**YOUR OBJECTIVE:**
Once you find the line in the listing below that contains "From mathcomp Require", copy it and every following line exactly, stopping at the end.

**RECORDS SHOWN:**
(* Let $p\ge 2$ and let $T$ be a tetrahedron obtained as the image of the reference tetrahedron under a non-degenerate map. Then the collection of matrix-valued functions on $T$ consisting of a basis of $[\mathcal{N}_{II}^1(T)]^3=[\mathit{P}^1(T)]^{3\times3}$ together with all of the following functions is linearly independent: (i) (edge functions) for each edge $j\in\mathcal{J}$ and each $\varphi$ in a basis of $\mathcal{E}^p_j(T)$: $\varphi\,\mathbf{d}_1\otimes\mathbf{t}$ and $\varphi\,\mathbf{d}_2\otimes\mathbf{t}$, with $\mathbf{t},\mathbf{d}_1,\mathbf{d}_2$ the vectors of edge $j$; (ii) (edge-face functions) for each face $k\in\mathcal{K}$ with normal $\mathbf{n}$, each edge $j\in\mathcal{J}_k$ and each $\varphi$ in a basis of $\mathcal{E}^p_j(T)$: $\varphi\,\mathbf{t}\otimes\mathbf{k}$, $\varphi\,\mathbf{m}\otimes\mathbf{k}$, $\varphi\,\mathbf{n}\otimes\mathbf{k}$, where $\mathbf{t}$ is the tangent of edge $j$, $\mathbf{k}$ is the edge-face vector of edge $j$ with $\mathbf{n}\times\mathbf{k}\neq0$, and $\mathbf{m}=\mathbf{Q}\mathbf{k}$ with $\mathbf{Q}=\|\mathbf{n}\|^2\mathbb{1}-\mathbf{n}\otimes\mathbf{n}$; (iii) (face functions) for each face $k\in\mathcal{K}$ with normal $\mathbf{n}$ and each $\varphi$ in a basis of $\mathcal{F}^p_k(T)$, with $j=\min\mathcal{J}_k$, $\mathbf{t}$ the tangent of edge $j$ and $\mathbf{m}=\mathbf{Q}\mathbf{k}$ as in (ii) for this edge $j$: $\varphi\,\mathbf{t}\otimes\mathbf{m}$, $\varphi\,\mathbf{m}\otimes\mathbf{t}$, $\varphi(\mathbf{t}\otimes\mathbf{t}-\mathbf{m}\otimes\mathbf{m})$, $\varphi\,\mathbf{n}\otimes\mathbf{t}$, $\varphi\,\mathbf{n}\otimes\mathbf{m}$; (iv) (cell functions) $\varphi\,\mathbb{1}$ for $\varphi$ in a basis of $\bigoplus_{j\in\mathcal{J}}\mathcal{E}^{p+1}_j(T)\oplus\bigoplus_{k\in\mathcal{K}}\mathcal{F}^{p+1}_k(T)\oplus\mathcal{C}^{p+1}(T)$; for each face $k$ and $\varphi$ in a basis of $\mathcal{F}^p_k(T)$, with $\mathbf{t},\mathbf{m},\mathbf{n}$ as in (iii): $\varphi\,\mathbf{t}\otimes\mathbf{n}$, $\varphi\,\mathbf{m}\otimes\mathbf{n}$, $\varphi\,\mathbf{n}\otimes\mathbf{n}$; and $\varphi\,\mathbf{T}$ for $\varphi$ in a basis of $\mathcal{C}^p(T)$ and $\mathbf{T}$ in a basis of $\mathfrak{sl}(3)$ (trace-free $3\times3$ matrices).
   Context: Reference tetrahedron $\Omega=\{(\xi,\eta,\zeta)\in[0,1]^3:\xi+\eta+\zeta\le1\}$ with barycentric coordinates $\lambda_1=1-\xi-\eta-\zeta$, $\lambda_2=\zeta$, $\lambda_3=\eta$, $\lambda_4=\xi$ (vertex $v_i$ is where $\lambda_i=1$). The physical element is $T=\mathbf{x}(\Omega)$ with $\mathbf{J}=\mathrm{D}\mathbf{x}$ invertible. Edges are indexed by $\mathcal{J}=\{(1,2),(1,3),(1,4),(2,3),(2,4),(3,4)\}$, faces by $\mathcal{K}=\{(1,2,3),(1,2,4),(1,3,4),(2,3,4)\}$; $\mathcal{J}_k$ is the set of the three edges of face $k$ and $\min\mathcal{J}_k$ its lexicographically smallest element. Scalar polytopal spaces: for each degree $q\ge1$ a basis of $\mathit{P}^q(T)$ is split into vertex functions ($\lambda_1,\dots,\lambda_4$), edge spaces $\mathcal{E}^q_j(T)$ of dimension $q-1$ (functions of degree $2,\dots,q$ associated to edge $j$, vanishing on all other edges), face spaces $\mathcal{F}^q_k(T)$ of dimension $(q-2)(q-1)/2$ (vanishing on all other faces), and a cell space $\mathcal{C}^q(T)$ of dimension $(q-3)(q-2)(q-1)/6$ (vanishing on $\partial T$); the union of these bases is a basis of $\mathit{P}^q(T)$. Edge tangents: reference templates $\boldsymbol{\tau}_{12}=\mathbf{e}_3$, $\boldsymbol{\tau}_{13}=\mathbf{e}_2$, $\boldsymbol{\tau}_{14}=\mathbf{e}_1$, $\boldsymbol{\tau}_{23}=\mathbf{e}_2-\mathbf{e}_3$, $\boldsymbol{\tau}_{24}=\mathbf{e}_1-\mathbf{e}_3$, $\boldsymbol{\tau}_{34}=\mathbf{e}_1-\mathbf{e}_2$, mapped by $\mathbf{t}=\mathbf{J}\boldsymbol{\tau}$. Edge-face vectors: reference pairs $(1,2):\{-\mathbf{e}_2,-\mathbf{e}_1\}$, $(1,3):\{\mathbf{e}_3,-\mathbf{e}_1\}$, $(1,4):\{\mathbf{e}_3,\mathbf{e}_2\}$, $(2,3):\{\mathbf{e}_1+\mathbf{e}_2+\mathbf{e}_3,-\mathbf{e}_1\}$, $(2,4):\{\mathbf{e}_1+\mathbf{e}_2+\mathbf{e}_3,\mathbf{e}_2\}$, $(3,4):\{\mathbf{e}_1+\mathbf{e}_2+\mathbf{e}_3,-\mathbf{e}_3\}$, mapped by $\mathbf{k}=\mathbf{J}^{-T}\boldsymbol{\kappa}$. Face normals: reference $\boldsymbol{\nu}_{123}=-\mathbf{e}_1$, $\boldsymbol{\nu}_{124}=\mathbf{e}_2$, $\boldsymbol{\nu}_{134}=-\mathbf{e}_3$, $\boldsymbol{\nu}_{234}=-\mathbf{e}_1-\mathbf{e}_2-\mathbf{e}_3$, mapped by $\mathbf{n}=(\det\mathbf{J})\mathbf{J}^{-T}\boldsymbol{\nu}$. For an edge with tangent $\mathbf{t}=(t_1,t_2,t_3)$, $\mathbf{d}_2=\big(\operatorname{sgn}_*(t_1)|t_3|,\ \operatorname{sgn}_*(t_2)|t_3|,\ -\operatorname{sgn}_*(t_3)|t_1|-\operatorname{sgn}_*(t_3)|t_2|\big)^T$ where $\operatorname{sgn}_*(x)=1$ for $x\ge0$ and $-1$ for $x<0$, and $\mathbf{d}_1=\mathbf{d}_2\times\mathbf{t}$. $\mathbb{1}$ is the identity matrix. $[\mathcal{N}_{II}^1(T)]^3$ is the space of $3\times3$ matrix fields with all rows in $[\mathit{P}^1(T)]^3$, i.e. $[\mathit{P}^1(T)]^{3\times3}$. *)

From HB Require Import structures.
From mathcomp Require Import all_boot all_order all_algebra.
Set Implicit Arguments. Unset Strict Implicit. Unset Printing Implicit Defensive.
Import Order.TTheory GRing.Theory Num.Theory.
Local Open Scope ring_scope.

**YOUR RESPONSE:**
From mathcomp Require Import all_boot all_order all_algebra.
Set Implicit Arguments. Unset Strict Implicit. Unset Printing Implicit Defensive.
Import Order.TTheory GRing.Theory Num.Theory.
Local Open Scope ring_scope.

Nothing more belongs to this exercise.